You will be implementing a modified version of the pseudo code shown in chapter 11 section 3 of the book:
The major differences (in addition to not using alpha-beta pruning) are that:
- Your function will take four arguments
a. player: The player whose turn it is
b. board: The current board layout
c. depth: If depth equals 0, then you are at a leaf node, otherwise decrease thedepth for the next iteration.
d. evaluation function: You will use evaluation function to evaluate leaf nodes bycall (eval-fn player board).
- Your code will treat both players as maximizing agents. When you receive the expected
score from an opponent, take the negative of that score, as shown in the assignment of alpha above
- Your code will return a single action, not a path (since the path may be changed if the opponent doesn’t play as expected). In the pseudocode above, this corresponds to only returning the action c, not the whole path.
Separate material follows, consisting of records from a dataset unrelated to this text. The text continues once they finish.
Lemma psi_nil_kernel : nil_kernel psi.
Proof.
move=> t psit; have [_ s_unit /(_ t) [a [s [rs tsa]]]] := hi.
have [n an] : exists n, a ^+ n = 0.
  by apply: psi_i_nil_kernel; rewrite /= -tsa rmorphM psit mul0r.
have [w sw] := s_unit _ rs; exists n.
by rewrite -[_ ^+ n]mulr1 -(expr1n _ n) -sw exprMn mulrA -exprMn tsa -rmorphXn an rmorph0 !mul0r.
Qed.

Lemma F1_imset L : submod (rng i) L -> F1 L = Defs.imset psi L.
Proof. by rewrite /F1 rng_j; apply: ext_map_imset; exists 1; rewrite rmorph1. Qed.

Lemma F1_class_hom : class_hom (rng i) (rng j) F1.
Proof.
apply: ext_map_class_hom; [apply: subsemiring_rng.. |].
by move=> _ [a ->]; rewrite psi_i; exists (pi a).
Qed.

Lemma F2_class_hom : class_hom (rng j) (rng psi) F2.
Proof.
have -> : F2 = ext_map (idfun : {rmorphism TB -> TB}) (rng psi).
  apply: functional_extensionality => L; congr prodset.
  by apply: set_ext => z; split => [Lz | [x [Lx ->]]]; first by exists z.
apply: ext_map_class_hom; [apply: subsemiring_rng.. |].
by move=> _ [b ->]; have [a ->] := hpi.1 b; exists (i a); rewrite psi_i.
Qed.

Lemma ker_F1_trivial L : invertible (rng i) L -> principal (rng j) (F1 L) -> principal (rng i) L.
Proof.
move=> [sL [L' [sL' /set_ext LL']]] [u [_ /set_ext]]; rewrite F1_imset // => psiL.
have [x0 [Lx0 ux0]] : Defs.imset psi L u.
  by rewrite psiL; exists 1; split; [exists 1; rewrite rmorph1 | rewrite mulr1].
have : prodset L L' 1 by rewrite LL'; exists 1; rewrite rmorph1.
case/prodset_ord => n [p [q [pq e1]]].
have /fin_all_exists [a pa] : forall k, exists a, psi (p k) = u * psi (i a).
  move=> k; have : Defs.imset psi L (psi (p k)) by exists (p k); split => //; case: (pq k).
  by rewrite psiL => -[_ [[b ->] ->]]; have [a ->] := hpi.1 b; exists a; rewrite psi_i.
set y0 := \sum_k i (a k) * q k.
have L'y0 : L' y0.
  have [_ _ L'M] := sL'; apply: (submod_sum sL') => k _.
  by apply: L'M; [exists (a k) | case: (pq k)].
have psi_xy : psi (x0 * y0) = 1.
  rewrite rmorphM -ux0 -(rmorph1 psi) e1 !rmorph_sum mulr_sumr.
  by apply: eq_bigr => k _; rewrite !rmorphM pa mulrA.
have [c xyc] : rng i (x0 * y0) by rewrite -LL'; apply: prodset_mul.
have [c' cc'] : is_unit c.
  apply: (nil_kernel_unit pi_nil_kernel); apply: j_injective.
  by rewrite -psi_i -xyc psi_xy rmorph1.
apply: (principal_of_mul_unit (subsemiring_rng i) sL LL' Lx0 L'y0 (_ : rng i (i c'))).
  by exists c'.
by rewrite xyc -rmorphM cc' rmorph1.
Qed.

Lemma F2_F1_trivial L : invertible (rng i) L -> principal (rng psi) (F2 (F1 L)).
Proof.
move=> [sL [L' [sL' /set_ext LL']]]; rewrite /F2 F1_imset //; apply: same_class_eq.
apply: set_ext => z; split.
  move: z; have [_ [P0 PD PM]] := subsemiring_rng psi.
  by apply: prodset_ind => // _ _ [x [_ ->]] [t ->]; apply: (PM); [exists x | exists t].
move=> [t ->]; rewrite -[t]mul1r.
suff gen w : prodset L L' w -> prodset (Defs.imset psi L) (rng psi) (psi (w * t)).
  by apply: gen; rewrite LL'; exists 1; rewrite rmorph1.
move: w; apply: prodset_ind => [|a b ha hb|x y Lx _].
- by rewrite mul0r rmorph0; apply: prodset0.
- by rewrite mulrDl rmorphD; apply: prodsetD.
- by rewrite -mulrA rmorphM; apply: prodset_mul; [exists x | exists (y * t)].
Qed.

Lemma F1_span n (x : 'I_n -> TA) : F1 (span (rng i) x) = span (rng j) (psi \o x).
Proof.
by rewrite F1_imset ?imset_span -?rng_j //; apply: span_submod (subsemiring_rng i).2.
Qed.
The list of legal moves for the player is returned by the function (legal-moves player
board)
- You must handle the case when no legal moves exist.
- If neither player has legal moves left, return a value of (final-value player board) and #f for the move.
- If the opponent can make a move, the current player must pass their turn by playing #f. In this case, the returned values should be the negation of the opponent’s minimax score and #f for the move.
Minimax with Alpha-Beta Pruning
The code for alpha-beta is similar to minimax. It takes two additional arguments: achievable and cutoff. Achievable is the value of the maximum path found so far and cutoff is the minimum option found for the opponent so far.
If achievable is less than or equal to cutoff, the search should stop since the current branch is not one that a pair of optimal players would go down.
To exit cutoff branches, you will probably want to use a for loop with a break statement. You can check whether your code is cutting off enough branches by comparing the time for minimax to the time for alpha-beta. Alpha-beta should always run faster when the depth is 2 or more. You can test if you are getting enough of a speedup using the (alpha-beta-faster?) function in tester.rkt.